Такое случалось с другими литературными героями и раньше. Все мы сталкивались в жизни с воплощениями Алисы (эти ангелоподобные девочки становятся нервозными в подростковом возрасте, отличаются испорченностью в юности, а в зрелом возрасте переигрывают, изображая сексуальные восторги, — и не от необходимости, а от желания развить у любовников комплекс неполноценности) или Питера Пэна (эти индивиды страстно коллекционируют переломы, не всегда способны контролировать свой адреналин и столь же смелы, когда хотят соблазнить свою жертву, сколь трусливы, когда решают ее покинуть). Маленькие принцы, которые, как мне казалось, встретились в дальнейшем на моем пути, — наклеивать ярлыки оказалось гораздо легче, чем прочитать книгу, — развивали в себе под влиянием родителей повышенную чувствительность, отличались рассеянностью и прихотливостью, их богатой внутренней жизни хватило бы с лихвой на двоих. Однако потрясшие меня обои и мальчуган в пижаме настолько меня поразили, что в тридцать пять лет я сделал еще одну попытку прочитать книгу.

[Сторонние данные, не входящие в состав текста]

(* A partner pair lies in a common small slice and contributes to its slack. *)
Lemma partnered_slack x : x \in C -> partnered x ->
  0 < \sum_(l < 11) small l (x l) * slack_row 3 (slice C l (x l)) x.
Proof.
move=> xC /exists_inP [y yC /andP [agree_pos agree_le2]].
have nyx : y != x by apply: contraTneq agree_le2 => ->; rewrite agree_self.
case: (pickP (fun l => x l == y l)) => [l xyl | differ]; last first.
  by move: agree_pos; rewrite /agree big1 // => l _; rewrite differ.
have xU : x \in slice C l (x l) by rewrite inE xC eqxx.
have yU : y \in slice C l (x l) by rewrite inE yC eq_sym xyl.
have small_l : small l (x l).
  rewrite /small leqNgt; apply/negP => ge15.
  by move: nyx; rewrite eq_sym => /(large_slice_agree ge15 xU yU); lia.
rewrite (bigD1 l) //= small_l mul1n; apply: leq_trans (leq_addr _ _).
by rewrite /slack_row (bigD1 y) /= ?yU ?nyx //; apply: leq_trans (leq_addr _ _); lia.
Qed.

Lemma partnered_le_slack :
  \sum_(x in C) partnered x <= \sum_(l < 11) \sum_(b < 4) small l b * slack 3 (slice C l b).
Proof.
apply: (@leq_trans (\sum_(x in C) \sum_(l < 11) small l (x l) * slack_row 3 (slice C l (x l)) x)).
  by apply: leq_sum => x xC; case: (boolP (partnered x)) => // /(partnered_slack xC).
rewrite exchange_big; apply/eq_leq/eq_bigr => l _ /=.
rewrite (sum_by_slice C l (fun b x => small l b * slack_row 3 (slice C l b) x)).
by apply: eq_bigr => b _; rewrite /slack big_distrr.
Qed.

Lemma slack14 l b : #|slice C l b| = 14 -> slack 3 (slice C l b) <= 4.
Proof.
move=> size14; have := slice_count l b; rewrite size14.
have : 10 * 50 <= \sum_(j < 11 | j != l) sqsum (slice C l b) j.
  by apply: sum_off_ge => j _; have := (sqsum_tangent (slice C l b) j).1; rewrite size14; lia.
lia.
Qed.

Section Size61.

Hypothesis hC61 : #|C| = 61.

Lemma slice_total l : \sum_(b < 4) #|slice C l b| = 61.
Proof. by rewrite sum_card_slice. Qed.

(* An unpartnered word lies in a 16-word slice at every coordinate, which
   determines it. *)
Lemma unpartnered_unique x z : x \in C -> z \in C -> ~~ partnered x -> ~~ partnered z -> x = z.
Proof.
move=> xC zC px pz; apply/ffunP => l.
have [b full] := profile_full (slice_total l) (slice_le16 l).
have on_full w : w \in C -> ~~ partnered w -> w l = b.
  by move=> wC pw; apply/eqP; apply: contraNT pw; apply: far_word_partnered full wC.
by rewrite (on_full x xC px) (on_full z zC pz).
Qed.

Lemma partnered_count : 60 <= \sum_(x in C) partnered x.
Proof.
case: (pickP [pred x in C | ~~ partnered x]) => [x0 /andP [x0C px0] | all_partnered].
  rewrite (bigD1 x0) //= (negbTE px0) add0n.
  have -> : 60 = \sum_(x in C | x != x0) 1.
    rewrite (eq_bigl (mem [predD1 C & x0])) => [|x]; last by rewrite !inE andbC.
    by rewrite sum1_card; have := cardD1 x0 C; rewrite x0C hC61 add1n => -[].
  apply: leq_sum => x /andP [xC nx]; rewrite lt0b; apply: contraR nx => px.
  by rewrite (unpartnered_unique xC x0C px px0).
apply: (@leq_trans 61) => //; rewrite -hC61 -sum1_card; apply: leq_sum => x xC.
by have := all_partnered x; rewrite /= xC /= => /negbFE ->.
Qed.

(* A thin coordinate has the slice profile 16,16,16,13. *)
Definition thin j := [exists b, #|slice C j b| == 13].

(* A 13-word slice meets the three 16-word slices of a thin coordinate in 4
   words each, so its square count there is 1 + 3 * 16. *)
Lemma thin_sqsum l b j : #|slice C l b| = 13 -> j != l -> thin j ->
  sqsum (slice C l b) j = 49.
Proof.
move=> size13 njl /existsP [b0 /eqP thin_b0].
have g4 c : c != b0 -> #|slice (slice C l b) j c| = 4.
  move=> ncb; rewrite slice_comm full_slice_split // ?(eq_sym l) //.
  have := profile_pair (slice_total j) (slice_le16 j) ncb.
  by have := slice_le16 j c; rewrite thin_b0; lia.
have := sum_card_slice (slice C l b) j.
rewrite size13 (bigD1 b0) //= (eq_bigr (fun=> 4) g4) sum_nat_const card_off => g1.
rewrite /sqsum (bigD1 b0) //= (eq_bigr (fun=> 16)) => [|c ncb]; last by rewrite g4.
by rewrite sum_nat_const card_off; nia.
Qed.

Lemma slack13 l b : #|slice C l b| = 13 ->
  slack 3 (slice C l b) + 6 * \sum_(j < 11 | j != l) thin j <= 12.
Proof.
move=> size13; have := slice_count l b; rewrite size13 => count.
have : \sum_(j < 11 | j != l) (43 + 6 * thin j) <= \sum_(j < 11 | j != l) sqsum (slice C l b) j.
  apply: leq_sum => j njl; case: (boolP (thin j)) => [thin_j | _].
    by rewrite (thin_sqsum size13 njl thin_j).
  by have := (sqsum_tangent (slice C l b) j).1; rewrite size13; lia.
suff -> : \sum_(j < 11 | j != l) (43 + 6 * thin j) = 430 + 6 * \sum_(j < 11 | j != l) thin j.
  by lia.
by rewrite big_split /= sum_nat_const card_off -big_distrr.
Qed.

(* Small-slice slack at a thin coordinate, where only the 13-slice is small. *)
Lemma thin_coordinate_slack l : thin l ->
  \sum_(b < 4) small l b * slack 3 (slice C l b) + 6 * \sum_(j < 11) thin j <= 18.
Proof.
move=> thin_l; have /existsP [b0 /eqP size13] := thin_l.
rewrite (bigD1 b0) //= big1 => [|c ncb]; last first.
  have := profile_pair (slice_total l) (slice_le16 l) ncb; rewrite size13 => ge29.
  have big : 14 < #|slice C l c| by lia.
  by rewrite /small leqNgt big.
have -> : \sum_(j < 11) thin j = 1 + \sum_(j < 11 | j != l) thin j.
  by rewrite (bigD1 l) // thin_l.
by have := slack13 size13; rewrite /small size13 /= mul1n addn0; lia.
Qed.

(* Small-slice slack at any other coordinate: at most one 14-slice. *)
Lemma thick_coordinate_slack l : ~~ thin l ->
  \sum_(b < 4) small l b * slack 3 (slice C l b) <= 4.
Proof.
move=> thick_l; case: (pickP (small l)) => [b1 small_b1 | none_small]; last first.
  by rewrite big1 // => b _; rewrite none_small.
rewrite (bigD1 b1) //= big1 => [|c ncb]; last first.
  have := profile_pair (slice_total l) (slice_le16 l) ncb; move: small_b1; rewrite /small.
  move=> le14 ge29; have big : 14 < #|slice C l c| by lia.
  by rewrite leqNgt big.
have size14 : #|slice C l b1| = 14.
  have := profile_ge13 (slice_total l) (slice_le16 l) b1; move: small_b1; rewrite /small.
  case: (#|slice C l b1| =P 13) => [size13 | ne13]; last by lia.
  by move: thick_l => /existsP []; exists b1; rewrite size13.
by rewrite small_b1 mul1n addn0 slack14.
Qed.

(* With a thin coordinates: 60 <= 18a - 6a^2 + 4(11 - a), impossible. *)
Lemma no_code61 : False.
Proof.
set T := \sum_(l < 11) \sum_(b < 4) small l b * slack 3 (slice C l b).
set a := \sum_(l < 11) thin l.
set b := \sum_(l < 11) ~~ thin l.
have partition : a + b = 11.
  by rewrite -big_split /= -[RHS]card_ord -sum1_card; apply: eq_bigr => l _; case: (thin l).
have total : T + 6 * a * a <= 18 * a + 4 * b.
  have -> : T + 6 * a * a = \sum_(l < 11) (\sum_(b < 4) small l b * slack 3 (slice C l b) + 6 * a * thin l).
    by rewrite big_split -big_distrr.
  have -> : 18 * a + 4 * b = \sum_(l < 11) (18 * thin l + 4 * ~~ thin l).
    by rewrite big_split -!big_distrr.
  apply: leq_sum => l _; case: (boolP (thin l)) => [thin_l | thick_l].
    by have := thin_coordinate_slack thin_l; rewrite muln1 muln0 addn0.
  by rewrite muln0 addn0 muln1 thick_coordinate_slack.
have := leq_trans partnered_count partnered_le_slack; rewrite -/T => partnered_slack_ge60.
by case: (leqP a 1) => ha; nia.
Qed.

End Size61.

End Code.

Theorem proposition5p5 : A 4 11 8 <= 60.
Proof.
apply/bigmax_leqP => C hC; rewrite leqNgt; apply/negP => /card_geqP [s [uniq_s size_s sub_s]].
pose D := [set x in s].
have hD : min_dist_ge 8 D by apply: min_dist_ge_sub hC _; apply/subsetP => x; rewrite inE => /sub_s.
by apply: (no_code61 hD); rewrite cardsE (card_uniqP uniq_s).
Qed.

После истории с удавом летчик, выступавший в качестве рассказчика, терпел аварию в пустыне, словно нарочно, и встречался в песчаных дюнах с маленьким героем своей истории. «С меня хватит!» — подумал я и, хотя мой поступок не делает мне чести, бросил книжку об стену (на штукатурке до сих пор можно видеть след). Повинуясь предубеждению, затмившему мой рассудок, я принял неверное решение о том, что продолжать чтение мне было ни к чему. На прочитанных страницах я успел почувствовать снисходительное отношение к читателю и воспринять идею автора, которую не мог разделить: все дети априори наивны и чутки, а взрослые черствы. Детская литература нередко спекулирует на этой мысли, и я, мысленно вступая с автором в спор, развлекался тем, что воображал, как бы поступили Астерикс и братья Дальтоны, если бы какой-то пришелец с другой планеты во имя фантазии попытался приобщить их к своей жидкой и псевдодуховной философии. Уверенный в своей правоте, я испытывал почти болезненное желание высказать свою точку зрения. Однако меня останавливало одно сомнение: не следует ли все же объективности ради сначала прочитать книгу целиком, а уж потом критиковать неугодные мне идеи и высказывать свои контраргументы? Кроме того, само желание вступить с автором в полемику уже казалось мне не вполне здоровым.